Metadata-Version: 2.1
Name: pastastore
Version: 0.3.1
Summary: Tools for managing pastas projects
Home-page: https://github.com/pastas/pastastore
Author: D.A. Brakenhoff
License: MIT
Description: [![Build Status](https://travis-ci.org/pastas/pastastore.svg?branch=master)](https://travis-ci.org/pastas/pastastore)
        [![Documentation Status](https://readthedocs.org/projects/pastastore/badge/?version=latest)](https://pastastore.readthedocs.io/en/latest/?badge=latest)
        [![Codacy Badge](https://api.codacy.com/project/badge/Grade/81b1e0294f5247cfa4eca657a8eebc61)](https://www.codacy.com/gh/pastas/pastastore?utm_source=github.com&utm_medium=referral&utm_content=pastas/pastastore&utm_campaign=Badge_Grade)
        
        # pastastore
        
        This module contains a tool to manage
        [Pastas](https://pastas.readthedocs.io/en/latest/) timeseries and models in a
        database.
        
        The implementation is similar to pastas.Project, but in addition to managing 
        timeseries and models in-memory, it allows storage of data in a 
        database or on disk. Storing timeseries and models in a database gives the user 
        a simple way to manage Pastas projects with the added bonus of allowing the user 
        to pick upwhere they left off, without having to (re)load everything into memory.
        
        The connection to database/disk/memory is managed by a connector object.

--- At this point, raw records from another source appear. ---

Lemma Gamma_continuous g :
  (forall x, continuous sigma x) -> (forall y, continuous siginv y) ->
  Gam g -> forall p : R * R, continuous g p.
Proof.
  intros Hsigma Hsiginv Hg; induction Hg; intro p.
  - exact (@continuous_id (prod_UniformSpace R_UniformSpace R_UniformSpace) p).
  - exact (continuous_comp g _ p (IHHg p) (shear_h_continuous siginv _ Hsiginv)).
  - apply (continuous_comp g _ p (IHHg p)).
    apply (continuous_ext (fun q : R * R => (fst q + - siginv (snd q), snd q))).
    + intros [x y]; reflexivity.
    + exact (shear_h_continuous _ _ (opp_continuous _ Hsiginv)).
  - exact (continuous_comp g _ p (IHHg p) (shear_v_continuous sigma _ Hsigma)).
  - apply (continuous_comp g _ p (IHHg p)).
    apply (continuous_ext (fun q : R * R => (fst q, - sigma (fst q) + snd q))).
    + intros [x y]; unfold v_gen_inv; simpl; f_equal; ring.
    + exact (shear_v_continuous _ _ (opp_continuous _ Hsigma)).
Qed.

Section Scaling.

Hypothesis sigma_mul : forall a b, sigma (a * b) = sigma a * sigma b.
Hypothesis siginv_mul : forall a b, siginv (a * b) = siginv a * siginv b.
Hypothesis siginv_sigma : forall a, siginv (sigma a) = a.

Lemma Gamma_scale g : Gam g -> forall l p, g (scale sigma l p) = scale sigma l (g p).
Proof.
  intros Hg l; induction Hg; intro p; [reflexivity| | | |];
    rewrite IHHg; unfold scale, h_gen, h_gen_inv, v_gen, v_gen_inv; simpl; f_equal;
    rewrite ?siginv_mul, ?siginv_sigma, ?sigma_mul; ring.
Qed.

Lemma orbit_scale l p q : orb p q -> orb (scale sigma l p) (scale sigma l q).
Proof.
  intros [g [Hg ->]]. exists g; split; [exact Hg | symmetry; exact (Gamma_scale g Hg l p)].
Qed.

End Scaling.

End Generated_group.

(** * The homeomorphism sigma(x) = sgn(x) x^2 *)

Lemma sig2_abs x : sig2 x = x * Rabs x.
Proof.
  unfold sig2; destruct (Rle_dec 0 x).
  - rewrite Rabs_pos_eq; lra.
  - rewrite Rabs_left; lra.
Qed.

Lemma sig2_nonneg x : 0 <= x -> sig2 x = x * x.
Proof. intro; rewrite sig2_abs, Rabs_pos_eq; lra. Qed.

Lemma sig2_nonpos x : x <= 0 -> sig2 x = - (x * x).
Proof. intro; rewrite sig2_abs, Rabs_left1; lra. Qed.

Lemma Rabs_sig2 x : Rabs (sig2 x) = x * x.
Proof. rewrite sig2_abs, Rabs_mult, Rabs_Rabsolu, <- Rabs_mult. apply Rabs_pos_eq; nra. Qed.

Lemma sig2_mul a b : sig2 (a * b) = sig2 a * sig2 b.
Proof. rewrite !sig2_abs, Rabs_mult; ring. Qed.

Lemma sig2_eq0 x : sig2 x = 0 -> x = 0.
Proof. intro H. pose proof (Rabs_sig2 x) as E. rewrite H, Rabs_R0 in E. nra. Qed.

Lemma sig2_inv_nonneg y : 0 <= y -> sig2_inv y = sqrt y.
Proof. unfold sig2_inv; destruct (Rle_dec 0 y); lra. Qed.

Lemma sig2_inv_sqrt y : sig2_inv y = sqrt y - sqrt (- y).
Proof.
  unfold sig2_inv; destruct (Rle_dec 0 y).
  - destruct (Req_dec y 0) as [->|]; [rewrite Ropp_0, sqrt_0; ring|].
    rewrite (sqrt_neg_0 (- y)) by lra; ring.
  - rewrite (sqrt_neg_0 y) by lra; ring.
Qed.

Lemma sig2_inv_sig2 x : sig2_inv (sig2 x) = x.
Proof.
  unfold sig2, sig2_inv; destruct (Rle_dec 0 x); destruct (Rle_dec 0 _).
  - apply sqrt_square; lra.
  - nra.
  - assert (x = 0) as -> by nra. rewrite Rmult_0_l, Ropp_0, sqrt_0; ring.
  - rewrite Ropp_involutive, <- Rmult_opp_opp, sqrt_square; lra.
Qed.

Lemma sig2_sig2_inv y : sig2 (sig2_inv y) = y.
Proof.
  unfold sig2_inv; destruct (Rle_dec 0 y).
  - rewrite sig2_nonneg by apply sqrt_pos. apply sqrt_sqrt; lra.
  - rewrite sig2_nonpos by (pose proof (sqrt_pos (- y)); lra).
    rewrite Rmult_opp_opp, sqrt_sqrt; lra.
Qed.

Lemma sig2_inv_mul a b : sig2_inv (a * b) = sig2_inv a * sig2_inv b.
Proof.
  rewrite <- (sig2_sig2_inv a), <- (sig2_sig2_inv b) at 1.
  rewrite <- sig2_mul. apply sig2_inv_sig2.
Qed.

Lemma sig2_inv_sqr y : sig2_inv y * sig2_inv y = Rabs y.
Proof. rewrite <- (sig2_sig2_inv y) at 3. symmetry; apply Rabs_sig2. Qed.

Lemma sig2_inv_eq0 y : sig2_inv y = 0 -> y = 0.
Proof. intro H. rewrite <- (sig2_sig2_inv y), H, sig2_nonneg; lra. Qed.

Lemma sig2_continuous x : continuous sig2 x.
Proof.
  apply continuity_pt_filterlim, (continuity_pt_ext (fun t => t * Rabs t));
    [intro t; symmetry; apply sig2_abs|].
  apply continuity_pt_mult; [apply continuity_pt_id | apply Rcontinuity_abs].
Qed.

Lemma sig2_inv_continuous y : continuous sig2_inv y.
Proof.
  assert (Hsqrt : forall t, continuity_pt sqrt t)
    by (intro t; apply continuity_pt_filterlim, continuous_sqrt).
  apply continuity_pt_filterlim, (continuity_pt_ext (fun t => sqrt t - sqrt (- t)));
    [intro t; symmetry; apply sig2_inv_sqrt|].
  apply continuity_pt_minus; [apply Hsqrt|].
  apply (continuity_pt_comp Ropp sqrt); [apply continuity_pt_opp, continuity_pt_id | apply Hsqrt].
Qed.

(** * Density of the orbits *)

Local Notation orb := (orbit sig2 sig2_inv).
Local Notation Gam := (Gamma sig2 sig2_inv).

Lemma orbit_one_small_fst d :
  0 < d -> exists a b, orb (1, 0) (a, b) /\ 0 < Rabs a < d.
Proof.
  intro Hd. destruct (archimed (/ d)) as [HK _].
  set (k := up (/ d)) in HK. set (K := IZR k) in HK.
  assert (HKd : 1 < K * d) by (rewrite <- (Rinv_l d) by lra; apply Rmult_lt_compat_r; lra).
  assert (HK0 : 0 < K) by (pose proof (Rinv_0_lt_compat d Hd); lra).
  assert (H1 : orb (1, 0) (1, 1)).
  { replace 1 with (sig2 1 + 0) at 3 by (rewrite sig2_nonneg; lra).
    exact (orbit_v _ _ _ (orbit_refl _)). }
  assert (H2 : orb (1, 0) (K, 1)).
  { replace K with (1 + IZR (k - 1) * sig2_inv 1) at 1
      by (rewrite sig2_inv_nonneg, sqrt_1, minus_IZR by lra; unfold K; ring).
    exact (orbit_h_Z _ _ _ _ H1). }
  assert (H3 : orb (1, 0) (K - sqrt (K * K + 1), K * K + 1)).
  { rewrite <- sig2_inv_nonneg by nra.
    replace (K * K + 1) with (sig2 K + 1) by (rewrite sig2_nonneg; lra).
    exact (orbit_hinv _ _ _ (orbit_v _ _ _ H2)). }
  exists (K - sqrt (K * K + 1)), (K * K + 1); split; [exact H3|].
  set (S := sqrt (K * K + 1)) in *.
  (* K - S = - 1 / (K + S) *)
  assert (HS : S * S = K * K + 1) by (apply sqrt_sqrt; nra).
  assert (HS0 : 0 <= S) by apply sqrt_pos.
  assert (HSK : K < S) by nra.
  rewrite Rabs_left by lra. split; nra.
Qed.
From HB Require Import structures.
From mathcomp Require Import all_boot all_order all_algebra.
From mathcomp Require Import all_classical all_reals all_analysis.
From mathcomp Require Import ring lra measurable_realfun.
Import Order.TTheory GRing.Theory Num.Theory.
Import numFieldNormedType.Exports.
Local Open Scope classical_set_scope.
Local Open Scope ring_scope.

(* Write e = x_t - x*, xi = G_t - grad f(v_t) for the gradient noise and
   p = grad f(v_t) - grad f(x_t) for the error caused by the stale view, so that
   x_{t+1} - x* = e - alpha (xi + p + grad f(x_t)).  Expanding the square:
   the cross term <e, xi> has zero mean because e is F_t-measurable and
   E[xi | F_t] = 0; the cross term <e, p> is handled by Young's inequality with
   weight c/2 together with |p| <= L |x_t - v_t|; and <e, grad f(x_t)> >= c |e|^2
   while co-coercivity |grad f(x_t)|^2 <= L <e, grad f(x_t)> lets the term
   3 alpha^2 |grad f(x_t)|^2 be absorbed as soon as 3 alpha L <= 1.  Taking
   expectations with E|xi|^2 <= sigma^2 and E|x_t - v_t|^2 <= alpha^2 B^2 gives
   the bound.  The zero mean of <e, xi> is derived from the defining identity of
   the conditional expectation by approximating the coordinates of e with simple
   F_t-measurable functions and passing to the limit by dominated convergence. *)

Section VectorAlgebra.
Context {R : realType} {d : nat}.
Implicit Types (u v w : 'rV[R]_d).

Lemma vdotC u v : vdot u v = vdot v u.
Proof. by apply: eq_bigr => i _; rewrite mulrC. Qed.

Lemma vdotDl u v w : vdot (u + v) w = vdot u w + vdot v w.
Proof. by rewrite /vdot -big_split; apply: eq_bigr => i _; rewrite !mxE mulrDl. Qed.

Lemma vdotDr u v w : vdot w (u + v) = vdot w u + vdot w v.
Proof. by rewrite vdotC vdotDl !(vdotC w). Qed.

Lemma vdotZl (a : R) u v : vdot (a *: u) v = a * vdot u v.
Proof. by rewrite /vdot mulr_sumr; apply: eq_bigr => i _; rewrite !mxE mulrA. Qed.

Lemma vdotZr (a : R) u v : vdot u (a *: v) = a * vdot u v.
Proof. by rewrite vdotC vdotZl vdotC. Qed.

Lemma vdotNl u v : vdot (- u) v = - vdot u v.
Proof. by rewrite -scaleN1r vdotZl mulN1r. Qed.

Lemma vdotNr u v : vdot u (- v) = - vdot u v.
Proof. by rewrite vdotC vdotNl vdotC. Qed.

Lemma vdotBl u v w : vdot (u - v) w = vdot u w - vdot v w.
Proof. by rewrite vdotDl vdotNl. Qed.

Lemma vdotBr u v w : vdot w (u - v) = vdot w u - vdot w v.
Proof. by rewrite vdotDr vdotNr. Qed.

Lemma sqnorm_ge0 u : 0 <= sqnorm u.
Proof. by apply: sumr_ge0 => i _; rewrite -expr2 sqr_ge0. Qed.

Lemma sqnormN u : sqnorm (- u) = sqnorm u.
Proof. by rewrite /sqnorm vdotNl vdotNr opprK. Qed.

Lemma sqnormZ (a : R) u : sqnorm (a *: u) = a ^+ 2 * sqnorm u.
Proof. by rewrite /sqnorm vdotZl vdotZr mulrA expr2. Qed.

Lemma sqnormB u v : sqnorm (u - v) = sqnorm u - 2 * vdot u v + sqnorm v.
Proof. rewrite /sqnorm !vdotBl !vdotBr (vdotC v u); ring. Qed.

Lemma sqnorm_eq0 u : (sqnorm u == 0) = (u == 0).
Proof.
apply/idP/eqP => [|->]; last by rewrite /sqnorm /vdot big1 // => i _; rewrite mxE mul0r.
rewrite psumr_eq0 => [/allP u0|i _]; last by rewrite -expr2 sqr_ge0.
apply/rowP => i; have := u0 i (mem_index_enum _).
by rewrite !mxE /= mulf_eq0 orbb => /eqP.
Qed.

Lemma sqr_coord_le_sqnorm u i : u ord0 i ^+ 2 <= sqnorm u.
Proof.
rewrite /sqnorm /vdot (bigD1 i) //= -expr2 lerDl.
by apply: sumr_ge0 => j _; rewrite -expr2 sqr_ge0.
Qed.

Lemma young_vdot u v (k : R) : 0 < k -> 2 * vdot u v <= k * sqnorm u + k^-1 * sqnorm v.
Proof.
move=> k0; rewrite /sqnorm /vdot !mulr_sumr -big_split /=; apply: ler_sum => i _.
set a := u ord0 i; set b := v ord0 i.
have : 0 <= k^-1 * (k * a - b) ^+ 2 by rewrite mulr_ge0 // ?invr_ge0 ?sqr_ge0 ?ltW.
have -> : k^-1 * (k * a - b) ^+ 2
    = (k * k^-1) * (k * a * a) - 2 * ((k * k^-1) * (a * b)) + k^-1 * (b * b) by ring.
rewrite divff ?gt_eqF // !mul1r; lra.
Qed.

Lemma vdot_le_of_sqnorm_le {r : R} {u v} :
  0 < r -> sqnorm u <= r ^+ 2 * sqnorm v -> vdot u v <= r * sqnorm v.
Proof.
move=> r0 uv; have ri : 0 < r^-1 by rewrite invr_gt0.
have := young_vdot u v _ ri; rewrite invrK.
have : r^-1 * sqnorm u <= r * sqnorm v.
  by rewrite -(ler_pM2l r0) mulrA divff ?gt_eqF // mul1r mulrA -expr2.
lra.
Qed.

        Currently, three connectors are included. The first implementation is an 
        in-memory connector. The other two store data in a database. Both of these 
        implementations are designed to have fast read/write operations, while also 
        compressing the stored data.
        
        -   In-memory: uses dictionaries to hold timeseries and pastas Models in-memory.
              Does not require any additional packages to use. 
        
        -   [Arctic](https://arctic.readthedocs.io/en/latest/) is a timeseries/dataframe
              database that sits atop [MongoDB](https://www.mongodb.com). Arctic supports
              pandas.DataFrames.
        
        -   [PyStore](https://github.com/ranaroussi/pystore) is a datastore (inspired
              by Arctic) created for storing pandas dataframes (especially timeseries) on
              disk. Data is stored using fastparquet and compressed with Snappy.
        
        ## Dependencies
        
        This module has several dependencies (depending on which connector is used):
        
        If using in-memory connector:
        
        -   No additional dependencies are required.
        
        If using Arctic:
        
        -   Arctic requires MongoDB, e.g. install the Community edition
            ([Windows](https://fastdl.mongodb.org/win32/mongodb-win32-x86_64-2012plus-4.2.1-signed.msi),
            [MacOS](https://fastdl.mongodb.org/osx/mongodb-macos-x86_64-4.2.1.tgz)).
        
        -   OR, if you wish to use Docker for running MongoDB see the installation instructions [here](https://github.com/pastas/pastastore/tree/master/dockerfiles#running-mongodb-from-docker).
        
        If using Pystore:
        
        -   PyStore uses [Snappy](http://google.github.io/snappy/), a fast and
            efficient compression/decompression library from Google. You'll need to
            install Snappy on your system before installing PyStore. See links for
            installation instructions here:
            <https://github.com/ranaroussi/pystore#dependencies>
        
        ## Installation
        
        Install the module by typing `pip install .` from the module root directory.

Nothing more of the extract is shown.